One of the most innovative features of Prajashakthi MIS is its system of dual monitoring. Communities record perceived deprivations and identify interventions they believe will improve their situation. These priorities then guide the mobilisation of resources through a whole-of-Government and whole-of-society approach. Progress is tracked periodically through digital dashboards, allowing both citizens and administrators to see trends over time. Alongside this, the Department of Census and Statistics independently monitors multidimensional poverty using nationally accepted scientific methods. Together, these perspectives help identify where focused, mission-oriented interventions are required.

While poverty is experienced locally, policy decisions must be made at higher levels. Prajashakthi MIS aggregates village-level data into divisional, district, provincial and national views in ways that preserve local nuance, prevent extreme cases from being averaged away, and make regional disparities visible.

Poverty is deeply spatial, shaped by geography through access, isolation, exposure, and opportunity. Prajashakthi MIS therefore integrates GIS-based visualisation to show where deprivations cluster, how infrastructure gaps align with poverty, and where focused, mission oriented interventions may be needed. By turning numbers into maps, it enables more targeted, spatially informed governance.

Because the system is accessible across levels, communities can see what has been proposed and approved, administrators can trace decisions and delays, and national and subnational leadership can monitor outcomes. This shared visibility strengthens transparency, accountability, and evidence-based decision-making, shifting development from negotiation-driven processes to evidence-driven governance.

Democratic Innovation

Prajashakthi MIS is introduced gradually, beginning with simple, cloud-based forms that people already know how to use. This recognises existing levels of digital literacy and lowers barriers to participation.
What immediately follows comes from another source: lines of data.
Lemma quotient_map_full : full quotient_map.
Proof. intros A B g. exists (qrep g). apply qclass_rep. Qed.

Lemma quotient_map_bijective_on_objects : bijective_on_objects quotient_map.
Proof. split; [intros x y H; exact H | intro y; exists y; reflexivity]. Qed.

Lemma quotient_map_factor (B : Theory) (a : TMor T B) :
  (forall X Y (f g : Hom X Y), gen f g -> fmap a f = fmap a g) ->
  exists at_ : TMor quotient_theory B,
    tcomp at_ quotient_map = a /\ forall b, tcomp b quotient_map = a -> b = at_.
Proof.
  intro Ha. apply full_bijective_factor;
    [apply quotient_map_full | apply quotient_map_bijective_on_objects |].
  intros X Y f f' H. apply (cong_resp Ha), qclass_inj, H.
Qed.
End Quotient.

(* [P f] and [Q f] have endpoints that are only propositionally equal. *)
Definition cosystem_relation (A : Theory) (E : Cosystem A)
  : forall X Y : A, Hom X Y -> Hom X Y -> Prop :=
  fun X Y g g' => exists i (A0 B0 : @cs_dom A E i) (f : Hom A0 B0),
    arr g = arr (fmap (@cs_P A E i) f) /\ arr g' = arr (fmap (@cs_Q A E i) f).

Lemma lawvere_equation_obj (T' T : Theory) (P Q : TMor T' T) :
  is_Lawvere_equation P Q -> forall y, P y = Q y.
Proof. intros [T'' [U [HU He]]] y. destruct (HU y) as [x <-]. exact (tmor_obj x He). Qed.

Lemma quotient_general_cosolution (A : Theory) (E : Cosystem A) :
  is_Lawvere_cosystem E -> is_general_cosolution E (quotient_map (cosystem_relation E)).
Proof.
  intro HL. split.
  - intro i. pose proof (lawvere_equation_obj (HL i)) as HPQ. apply tmor_ext; [exact HPQ |].
    intros A0 B0 f. apply arr_qclass; [apply HPQ .. |].
    intros h Hh. apply cong_gen. exists i, A0, B0, f. auto.
  - intros B a Ha. apply quotient_map_factor.
    intros X Y g g' [i [A0 [B0 [f [e1 e2]]]]]. apply arr_inj.
    rewrite (arr_map a e1), (arr_map a e2). exact (tmor_arr f (Ha i)).
Qed.

Lemma covariety_full_bijective (T V : Theory) (v : TMor T V) :
  is_Lawvere_covariety v -> full v /\ bijective_on_objects v.
Proof.
  intros [E [HL Hv]].
  destruct (general_cosolution_iso Hv (quotient_general_cosolution HL))
    as [s [t [Hs [Hts Hst]]]]. subst v.
  split.
  - apply full_tcomp; [exact (iso_full Hts Hst) | apply quotient_map_full].
  - apply bijective_on_objects_tcomp;
      [exact (iso_bijective_on_objects Hts Hst) | apply quotient_map_bijective_on_objects].
Qed.

Section KernelPair.
Variables (T V : Theory) (v : TMor T V).

Definition KHom (A B : T) := {fg : Hom A B * Hom A B | fmap v (fst fg) = fmap v (snd fg)}.

Lemma khom_eq (A B : T) (x y : KHom A B) : proj1_sig x = proj1_sig y -> x = y.
Proof. destruct x, y; simpl; intro; subst; f_equal; apply proof_irrelevance. Qed.

Definition kdiag (A B : T) (f : Hom A B) : KHom A B := exist _ (f, f) eq_refl.

Definition kcomp (A B D : T) (g : KHom B D) (f : KHom A B) : KHom A D.
Proof.
  refine (exist _ (comp (fst (proj1_sig g)) (fst (proj1_sig f)),
                   comp (snd (proj1_sig g)) (snd (proj1_sig f))) _).
  simpl. rewrite !fmap_comp, (proj2_sig g), (proj2_sig f). reflexivity.
Defined.

Definition kernel_pair_category : Category.
Proof.
  refine (@Build_Category (Ob T) KHom (fun A => kdiag (idm A)) kcomp _ _ _).
  - intros A B f. apply khom_eq. simpl. rewrite !comp_id_l. destruct (proj1_sig f); reflexivity.
  - intros A B f. apply khom_eq. simpl. rewrite !comp_id_r. destruct (proj1_sig f); reflexivity.
  - intros A B D E h g f. apply khom_eq. simpl. rewrite !comp_assoc. reflexivity.
Defined.

Lemma kdiag_pres_terminal (t : T) : is_terminal t -> @is_terminal kernel_pair_category t.
Proof.
  intros Ht X. destruct (Ht X) as [f _]. exists (kdiag f). intro g. apply khom_eq. simpl.
  destruct (proj1_sig g) as [g1 g2]. f_equal; apply terminal_hom_eq; auto.
Qed.

Lemma kdiag_pres_product (a b p : T) (p1 : Hom p a) (p2 : Hom p b) :
  is_product p1 p2 -> @is_product kernel_pair_category a b p (kdiag p1) (kdiag p2).
Proof.
  intros Hp X [[f1 f2] ef] [[g1 g2] eg]. simpl in ef, eg.
  destruct (Hp X f1 g1) as [h [h1 [h2 U]]], (Hp X f2 g2) as [h' [h1' [h2' U']]].
  assert (eh : fmap v h = fmap v h').
  { apply (product_hom_ext (pres_product (t0 := v) Hp)); rewrite <- !fmap_comp; congruence. }
  exists (exist _ (h, h') eh). split; [|split].
  - apply khom_eq; simpl. congruence.
  - apply khom_eq; simpl. congruence.
  - intros [[k k'] ek] k1 k2. apply khom_eq. simpl.
    apply (f_equal (@proj1_sig _ _)) in k1, k2. simpl in k1, k2.
    injection k1 as k11 k12. injection k2 as k21 k22. f_equal; auto.
Qed.

Definition kernel_pair_theory : Theory.
Proof.
  refine (@Build_Theory kernel_pair_category _).
  destruct (th_fp T) as [[t Ht] Hp]. split.
  - exists t. apply kdiag_pres_terminal; auto.
  - intros a b. destruct (Hp a b) as [p [p1 [p2 H]]].
    exists p, (kdiag p1), (kdiag p2). apply kdiag_pres_product; auto.
Defined.

Definition kernel_diag : TMor T kernel_pair_theory.
Proof.
  refine (@Build_TMor T kernel_pair_theory (fun A => A) kdiag _ _ _ _).
  - reflexivity.
  - intros; apply khom_eq; reflexivity.
  - apply kdiag_pres_terminal.
  - apply kdiag_pres_product.
Defined.

Definition kpick (b : bool) (A B : T) (f : KHom A B) : Hom A B :=
  if b then fst (proj1_sig f) else snd (proj1_sig f).

Lemma kpick_id (b : bool) (A : T) : kpick b (kdiag (idm A)) = idm A.
Proof. destruct b; reflexivity. Qed.

Lemma kpick_comp (b : bool) (A B D : T) (g : KHom B D) (f : KHom A B) :
  kpick b (kcomp g f) = comp (kpick b g) (kpick b f).
Proof. destruct b; reflexivity. Qed.

Lemma kpick_diag (b : bool) (A B : T) (f : Hom A B) : kpick b (kdiag f) = f.
Proof. destruct b; reflexivity. Qed.

(* Every terminal object and product cone of the kernel-pair theory is isomorphic to the
   diagonal image of one in [T], which each projection sends back to itself. *)
Definition kernel_proj (b : bool) : TMor kernel_pair_theory T.
Proof.
  refine (@Build_TMor kernel_pair_theory T (fun A => A) (fun A B f => kpick b f)
            (kpick_id b) (kpick_comp b) _ _).
  - intros t' Ht'. destruct (proj1 (th_fp T)) as [t Ht].
    apply (@terminal_transfer kernel_pair_category T (fun A => A) (fun A B f => kpick b f)
             (kpick_id b) (kpick_comp b) t);
      [apply kdiag_pres_terminal; exact Ht | exact Ht | exact Ht'].
  - intros a c p' q1 q2 Hq. destruct (proj2 (th_fp T) a c) as [p [p1 [p2 Hp]]].
    apply (@product_transfer kernel_pair_category T (fun A => A) (fun A B f => kpick b f)
             (kpick_id b) (kpick_comp b) a c p p' (kdiag p1) (kdiag p2));
      [apply kdiag_pres_product; exact Hp | rewrite !kpick_diag; exact Hp | exact Hq].
Defined.

Lemma kernel_proj_diag (b : bool) : tcomp (kernel_proj b) kernel_diag = tid T.
Proof. apply tmor_ext; [reflexivity | intros; simpl; rewrite kpick_diag; reflexivity]. Qed.

Lemma kernel_pair_reflexive : is_reflexive_pair (kernel_proj true) (kernel_proj false).
Proof. exists kernel_diag. split; apply kernel_proj_diag. Qed.

Lemma kernel_pair_Lawvere : is_Lawvere_equation (kernel_proj true) (kernel_proj false).
Proof.
  exists T, kernel_diag. split.
  - intro y; exists y; reflexivity.
  - rewrite !kernel_proj_diag. reflexivity.
Qed.

Lemma kernel_pair_coequalizer :
  full v -> bijective_on_objects v -> is_coequalizer (kernel_proj true) (kernel_proj false) v.
Proof.
  intros Hfull Hbij. split.
  - apply tmor_ext; [reflexivity |]. intros A B f. simpl. f_equal. exact (proj2_sig f).
  - intros B a Ha. apply full_bijective_factor; auto. intros X Y f f' H.
    exact (arr_inj (@tmor_arr kernel_pair_theory B _ _ X Y (exist _ (f, f') H) Ha)).
Qed.
End KernelPair.

Definition pair_cosystem (T' T : Theory) (P Q : TMor T' T) : Cosystem T :=
  {| cs_index := unit; cs_nonempty := inhabits tt; cs_dom := fun _ => T';
     cs_P := fun _ => P; cs_Q := fun _ => Q |}.

Lemma coequalizer_general_cosolution (T' T V : Theory) (P Q : TMor T' T) (v : TMor T V) :
  is_coequalizer P Q v -> is_general_cosolution (pair_cosystem P Q) v.
Proof.
  intros [Hv Huniq]. split.
  - intro i. exact Hv.
  - intros B a Ha. exact (Huniq B a (Ha tt)).
Qed.

Theorem mainTheorem13 :
  (forall (A : Theory) (E : Cosystem A), is_Lawvere_cosystem E ->
     exists (V : Theory) (v : TMor A V), is_general_cosolution E v) /\
  (forall (T V : Theory) (v : TMor T V),
     is_Lawvere_covariety v <-> (full v /\ bijective_on_objects v)) /\
  (forall (T V : Theory) (v : TMor T V), is_Lawvere_covariety v ->
     exists (T' : Theory) (P Q : TMor T' T),
       is_reflexive_pair P Q /\ is_Lawvere_equation P Q /\ is_coequalizer P Q v).
Proof.
  split; [|split].
  - intros A E HL. exists _, (quotient_map (cosystem_relation E)).
    exact (quotient_general_cosolution HL).
  - intros T V v. split; [apply covariety_full_bijective |].
    intros [Hfull Hbij]. exists (pair_cosystem (kernel_proj v true) (kernel_proj v false)).
    split.
    + intro i. apply kernel_pair_Lawvere.
    + apply coequalizer_general_cosolution, kernel_pair_coequalizer; assumption.
  - intros T V v Hv. destruct (covariety_full_bijective Hv) as [Hfull Hbij].
    exists _, (kernel_proj v true), (kernel_proj v false).
    split; [apply kernel_pair_reflexive | split; [apply kernel_pair_Lawvere |]].
    apply kernel_pair_coequalizer; assumption.
Qed.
More complex processing happens in the background, allowing the system to evolve without overwhelming users. This step-by-step approach reflects an age-old insight from the Vedic period, known as Thula Arundhati Nyaya, where understanding begins with what is familiar and visible before gradually moving to what is subtle and complex.

By keeping technology simple and inclusive, Prajashakthi MIS does more than improve administration. It opens space for democratic innovation, enabling citizens to shape priorities, guide action, and hold the system accountable.

Taken together, Prajashakthi MIS functions as a listening system for citizen voice, a coordination mechanism for institutions, a learning platform for policy, and a navigation tool for national vision. Wicked problems cannot be solved once and for all; they can only be governed better over time. By listening to villages and governing as one system, Prajashakthi offers Sri Lanka a collective, adaptive pathway toward a more secure and dignified life for all.